= PROBLEM STATEMENT =
Transcribe, word for word and without additions, each line below from the one containing "Lemma lnVZts_le_KL : ln (1 / Z) <= KL Qs P." through the one containing "(forall b, 0", both ends included.

= RECORDS SUPPLIED =
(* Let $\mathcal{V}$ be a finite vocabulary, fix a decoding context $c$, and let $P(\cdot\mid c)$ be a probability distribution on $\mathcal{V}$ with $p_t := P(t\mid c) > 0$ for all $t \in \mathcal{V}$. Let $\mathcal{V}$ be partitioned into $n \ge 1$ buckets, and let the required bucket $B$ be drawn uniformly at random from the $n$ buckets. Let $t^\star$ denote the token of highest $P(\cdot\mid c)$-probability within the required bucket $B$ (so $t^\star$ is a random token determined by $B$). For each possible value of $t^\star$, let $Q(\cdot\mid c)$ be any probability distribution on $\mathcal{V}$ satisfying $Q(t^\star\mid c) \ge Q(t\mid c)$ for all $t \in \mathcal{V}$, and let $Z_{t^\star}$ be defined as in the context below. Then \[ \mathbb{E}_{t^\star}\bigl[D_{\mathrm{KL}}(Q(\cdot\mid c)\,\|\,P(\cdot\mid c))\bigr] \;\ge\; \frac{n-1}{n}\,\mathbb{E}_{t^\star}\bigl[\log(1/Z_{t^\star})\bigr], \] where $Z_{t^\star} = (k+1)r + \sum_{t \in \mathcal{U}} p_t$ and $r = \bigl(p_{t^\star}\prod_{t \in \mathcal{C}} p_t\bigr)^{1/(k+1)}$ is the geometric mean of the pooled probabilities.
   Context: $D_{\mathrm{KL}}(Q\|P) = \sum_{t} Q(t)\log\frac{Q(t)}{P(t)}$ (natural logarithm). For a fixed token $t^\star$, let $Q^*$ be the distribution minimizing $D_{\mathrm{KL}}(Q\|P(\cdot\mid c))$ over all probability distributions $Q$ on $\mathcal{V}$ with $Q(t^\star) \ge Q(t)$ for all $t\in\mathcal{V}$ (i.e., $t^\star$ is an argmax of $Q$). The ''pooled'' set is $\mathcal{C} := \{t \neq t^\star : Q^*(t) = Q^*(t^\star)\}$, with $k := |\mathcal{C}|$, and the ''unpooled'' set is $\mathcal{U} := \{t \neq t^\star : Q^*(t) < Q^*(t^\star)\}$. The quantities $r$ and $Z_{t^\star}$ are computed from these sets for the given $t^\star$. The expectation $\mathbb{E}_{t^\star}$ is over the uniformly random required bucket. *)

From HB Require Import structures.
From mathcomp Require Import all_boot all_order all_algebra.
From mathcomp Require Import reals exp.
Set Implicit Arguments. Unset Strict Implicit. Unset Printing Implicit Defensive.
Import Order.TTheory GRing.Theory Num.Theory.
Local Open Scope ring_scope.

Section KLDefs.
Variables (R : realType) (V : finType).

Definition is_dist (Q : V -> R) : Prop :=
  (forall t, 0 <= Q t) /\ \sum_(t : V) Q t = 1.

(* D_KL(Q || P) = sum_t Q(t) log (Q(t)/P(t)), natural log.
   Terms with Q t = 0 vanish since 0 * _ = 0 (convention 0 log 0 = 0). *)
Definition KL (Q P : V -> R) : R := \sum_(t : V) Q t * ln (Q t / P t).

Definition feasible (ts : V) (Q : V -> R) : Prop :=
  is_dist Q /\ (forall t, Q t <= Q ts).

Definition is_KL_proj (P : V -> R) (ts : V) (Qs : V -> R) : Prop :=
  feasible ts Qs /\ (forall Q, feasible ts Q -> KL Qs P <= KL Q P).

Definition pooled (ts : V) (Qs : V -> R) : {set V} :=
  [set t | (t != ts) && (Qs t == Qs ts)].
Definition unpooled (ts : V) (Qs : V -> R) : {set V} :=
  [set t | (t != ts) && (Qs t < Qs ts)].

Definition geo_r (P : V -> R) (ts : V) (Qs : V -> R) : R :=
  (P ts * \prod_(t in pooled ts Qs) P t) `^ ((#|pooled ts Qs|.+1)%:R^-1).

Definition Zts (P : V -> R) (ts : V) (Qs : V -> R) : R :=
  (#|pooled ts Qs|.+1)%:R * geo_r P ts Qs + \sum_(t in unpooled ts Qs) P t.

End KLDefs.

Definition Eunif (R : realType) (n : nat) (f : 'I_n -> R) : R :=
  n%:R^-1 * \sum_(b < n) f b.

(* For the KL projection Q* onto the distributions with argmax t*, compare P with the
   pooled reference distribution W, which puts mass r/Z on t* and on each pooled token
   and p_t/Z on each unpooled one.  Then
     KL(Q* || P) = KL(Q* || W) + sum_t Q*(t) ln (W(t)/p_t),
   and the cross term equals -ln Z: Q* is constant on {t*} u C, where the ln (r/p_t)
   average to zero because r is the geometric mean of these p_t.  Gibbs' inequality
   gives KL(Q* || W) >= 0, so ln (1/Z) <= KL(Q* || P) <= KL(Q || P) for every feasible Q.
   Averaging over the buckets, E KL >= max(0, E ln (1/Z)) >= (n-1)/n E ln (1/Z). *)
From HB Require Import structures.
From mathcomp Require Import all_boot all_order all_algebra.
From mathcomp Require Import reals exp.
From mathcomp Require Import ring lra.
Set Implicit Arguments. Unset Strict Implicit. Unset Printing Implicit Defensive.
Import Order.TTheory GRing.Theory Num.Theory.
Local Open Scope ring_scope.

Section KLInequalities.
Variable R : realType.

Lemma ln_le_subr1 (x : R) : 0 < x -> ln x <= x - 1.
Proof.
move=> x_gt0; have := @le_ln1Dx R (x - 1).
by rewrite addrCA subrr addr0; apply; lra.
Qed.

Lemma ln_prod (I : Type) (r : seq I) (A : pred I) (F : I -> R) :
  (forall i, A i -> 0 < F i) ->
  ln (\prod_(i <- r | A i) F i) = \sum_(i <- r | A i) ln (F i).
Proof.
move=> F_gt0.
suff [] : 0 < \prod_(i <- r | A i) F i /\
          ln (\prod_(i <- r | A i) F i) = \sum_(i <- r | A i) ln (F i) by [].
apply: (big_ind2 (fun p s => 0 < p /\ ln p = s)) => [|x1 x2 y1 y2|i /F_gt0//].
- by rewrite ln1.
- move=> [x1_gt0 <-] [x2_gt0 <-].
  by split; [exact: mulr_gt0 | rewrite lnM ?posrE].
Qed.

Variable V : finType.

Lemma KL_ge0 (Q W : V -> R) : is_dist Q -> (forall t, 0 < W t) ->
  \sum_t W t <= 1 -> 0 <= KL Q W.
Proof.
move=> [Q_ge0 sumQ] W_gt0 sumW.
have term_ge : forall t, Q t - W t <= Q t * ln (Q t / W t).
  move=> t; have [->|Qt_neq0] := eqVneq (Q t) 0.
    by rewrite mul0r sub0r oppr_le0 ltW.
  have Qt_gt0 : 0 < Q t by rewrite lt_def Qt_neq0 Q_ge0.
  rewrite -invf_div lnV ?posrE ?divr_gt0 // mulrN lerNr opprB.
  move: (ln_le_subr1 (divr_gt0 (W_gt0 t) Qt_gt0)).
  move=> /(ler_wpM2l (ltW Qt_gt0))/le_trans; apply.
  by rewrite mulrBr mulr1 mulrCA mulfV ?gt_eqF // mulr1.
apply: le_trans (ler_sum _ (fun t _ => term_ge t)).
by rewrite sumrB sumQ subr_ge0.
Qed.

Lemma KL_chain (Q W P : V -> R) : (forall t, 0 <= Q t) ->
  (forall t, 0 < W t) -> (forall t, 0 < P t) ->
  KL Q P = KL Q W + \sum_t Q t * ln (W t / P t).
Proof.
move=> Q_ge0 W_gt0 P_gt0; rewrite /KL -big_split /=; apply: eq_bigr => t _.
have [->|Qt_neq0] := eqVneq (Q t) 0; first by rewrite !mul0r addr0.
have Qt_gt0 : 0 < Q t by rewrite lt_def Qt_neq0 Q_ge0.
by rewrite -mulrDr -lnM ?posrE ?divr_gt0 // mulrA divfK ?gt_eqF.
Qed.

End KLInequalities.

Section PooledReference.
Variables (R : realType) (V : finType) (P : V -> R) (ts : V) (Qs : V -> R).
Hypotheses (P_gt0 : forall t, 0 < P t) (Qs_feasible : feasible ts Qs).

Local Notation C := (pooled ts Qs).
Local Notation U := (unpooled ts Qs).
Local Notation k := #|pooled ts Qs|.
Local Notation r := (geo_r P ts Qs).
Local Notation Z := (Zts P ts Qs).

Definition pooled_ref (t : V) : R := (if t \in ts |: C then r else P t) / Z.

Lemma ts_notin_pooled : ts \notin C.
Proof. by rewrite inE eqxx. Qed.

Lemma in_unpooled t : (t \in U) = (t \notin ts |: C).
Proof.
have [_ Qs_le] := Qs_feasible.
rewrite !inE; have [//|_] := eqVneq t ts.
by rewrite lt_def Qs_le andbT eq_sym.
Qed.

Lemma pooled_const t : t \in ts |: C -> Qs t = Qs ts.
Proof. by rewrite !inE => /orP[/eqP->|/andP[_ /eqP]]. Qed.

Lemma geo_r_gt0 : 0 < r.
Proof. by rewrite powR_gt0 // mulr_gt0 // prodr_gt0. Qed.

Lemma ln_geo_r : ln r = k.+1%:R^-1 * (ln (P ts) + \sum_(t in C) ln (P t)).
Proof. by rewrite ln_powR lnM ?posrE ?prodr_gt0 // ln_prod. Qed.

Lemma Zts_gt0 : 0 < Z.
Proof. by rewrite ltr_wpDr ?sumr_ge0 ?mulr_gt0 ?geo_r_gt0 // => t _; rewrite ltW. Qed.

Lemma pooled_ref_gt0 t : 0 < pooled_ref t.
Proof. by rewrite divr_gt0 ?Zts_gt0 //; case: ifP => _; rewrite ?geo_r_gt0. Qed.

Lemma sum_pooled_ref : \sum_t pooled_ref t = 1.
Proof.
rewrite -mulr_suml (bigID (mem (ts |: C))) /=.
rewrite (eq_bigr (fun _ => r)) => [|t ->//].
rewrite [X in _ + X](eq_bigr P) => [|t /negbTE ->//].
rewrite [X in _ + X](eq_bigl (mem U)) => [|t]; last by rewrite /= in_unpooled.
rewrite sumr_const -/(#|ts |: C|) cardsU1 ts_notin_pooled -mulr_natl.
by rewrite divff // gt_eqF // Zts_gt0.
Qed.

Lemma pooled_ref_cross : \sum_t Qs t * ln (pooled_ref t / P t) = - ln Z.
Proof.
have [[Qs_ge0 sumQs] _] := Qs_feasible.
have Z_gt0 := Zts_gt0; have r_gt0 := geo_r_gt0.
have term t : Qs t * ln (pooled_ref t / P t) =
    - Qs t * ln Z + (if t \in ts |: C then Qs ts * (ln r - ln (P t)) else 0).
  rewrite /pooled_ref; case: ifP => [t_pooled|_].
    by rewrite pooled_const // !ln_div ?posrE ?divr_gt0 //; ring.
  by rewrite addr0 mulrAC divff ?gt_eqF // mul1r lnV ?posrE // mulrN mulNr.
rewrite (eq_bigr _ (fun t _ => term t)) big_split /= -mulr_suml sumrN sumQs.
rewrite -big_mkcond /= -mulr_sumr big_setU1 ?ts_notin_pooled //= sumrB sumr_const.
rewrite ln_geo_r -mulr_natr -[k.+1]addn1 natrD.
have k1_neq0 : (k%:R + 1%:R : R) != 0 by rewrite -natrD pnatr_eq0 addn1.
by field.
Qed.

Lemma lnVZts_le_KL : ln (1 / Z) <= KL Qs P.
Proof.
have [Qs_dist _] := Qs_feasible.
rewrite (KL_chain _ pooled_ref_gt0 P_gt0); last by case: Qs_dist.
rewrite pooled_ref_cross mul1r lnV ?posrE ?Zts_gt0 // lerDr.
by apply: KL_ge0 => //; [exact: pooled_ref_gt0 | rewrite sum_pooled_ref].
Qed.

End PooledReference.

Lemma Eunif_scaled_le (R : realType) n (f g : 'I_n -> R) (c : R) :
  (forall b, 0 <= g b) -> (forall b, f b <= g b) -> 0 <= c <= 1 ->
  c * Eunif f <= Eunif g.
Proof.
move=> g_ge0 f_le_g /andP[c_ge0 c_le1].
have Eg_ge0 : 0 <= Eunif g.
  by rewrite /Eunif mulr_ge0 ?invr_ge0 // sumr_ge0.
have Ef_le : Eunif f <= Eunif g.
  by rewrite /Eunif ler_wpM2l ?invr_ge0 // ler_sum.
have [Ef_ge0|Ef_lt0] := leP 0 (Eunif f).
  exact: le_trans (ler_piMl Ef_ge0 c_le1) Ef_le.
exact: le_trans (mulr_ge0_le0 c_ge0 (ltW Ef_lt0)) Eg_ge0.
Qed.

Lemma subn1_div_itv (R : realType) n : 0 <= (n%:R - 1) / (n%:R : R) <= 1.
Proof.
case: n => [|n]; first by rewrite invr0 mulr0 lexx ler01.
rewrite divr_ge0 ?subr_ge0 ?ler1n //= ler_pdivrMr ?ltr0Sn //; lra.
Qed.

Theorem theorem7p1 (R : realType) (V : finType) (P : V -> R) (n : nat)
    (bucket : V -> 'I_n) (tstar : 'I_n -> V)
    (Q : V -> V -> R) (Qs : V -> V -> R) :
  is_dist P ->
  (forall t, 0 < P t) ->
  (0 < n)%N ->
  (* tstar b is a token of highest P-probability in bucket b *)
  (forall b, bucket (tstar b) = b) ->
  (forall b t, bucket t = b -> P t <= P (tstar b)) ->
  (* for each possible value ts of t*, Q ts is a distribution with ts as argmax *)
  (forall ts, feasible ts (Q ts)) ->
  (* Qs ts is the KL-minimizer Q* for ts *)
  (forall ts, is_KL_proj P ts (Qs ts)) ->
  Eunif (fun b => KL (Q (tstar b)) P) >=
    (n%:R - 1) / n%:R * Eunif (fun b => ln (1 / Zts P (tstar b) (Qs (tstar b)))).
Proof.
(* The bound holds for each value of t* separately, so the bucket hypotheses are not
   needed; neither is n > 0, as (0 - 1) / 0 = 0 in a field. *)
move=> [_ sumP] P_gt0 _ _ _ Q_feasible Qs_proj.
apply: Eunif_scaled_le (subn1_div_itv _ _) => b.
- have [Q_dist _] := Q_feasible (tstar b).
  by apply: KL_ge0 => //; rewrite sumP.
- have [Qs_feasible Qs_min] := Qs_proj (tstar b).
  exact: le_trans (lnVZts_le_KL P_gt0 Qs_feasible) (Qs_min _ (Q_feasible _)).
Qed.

= SOLVED PROBLEM =
Lemma lnVZts_le_KL : ln (1 / Z) <= KL Qs P.
Proof.
have [Qs_dist _] := Qs_feasible.
rewrite (KL_chain _ pooled_ref_gt0 P_gt0); last by case: Qs_dist.
rewrite pooled_ref_cross mul1r lnV ?posrE ?Zts_gt0 // lerDr.
by apply: KL_ge0 => //; [exact: pooled_ref_gt0 | rewrite sum_pooled_ref].
Qed.

End PooledReference.

Lemma Eunif_scaled_le (R : realType) n (f g : 'I_n -> R) (c : R) :
  (forall b, 0 <= g b) -> (forall b, f b <= g b) -> 0 <= c <= 1 ->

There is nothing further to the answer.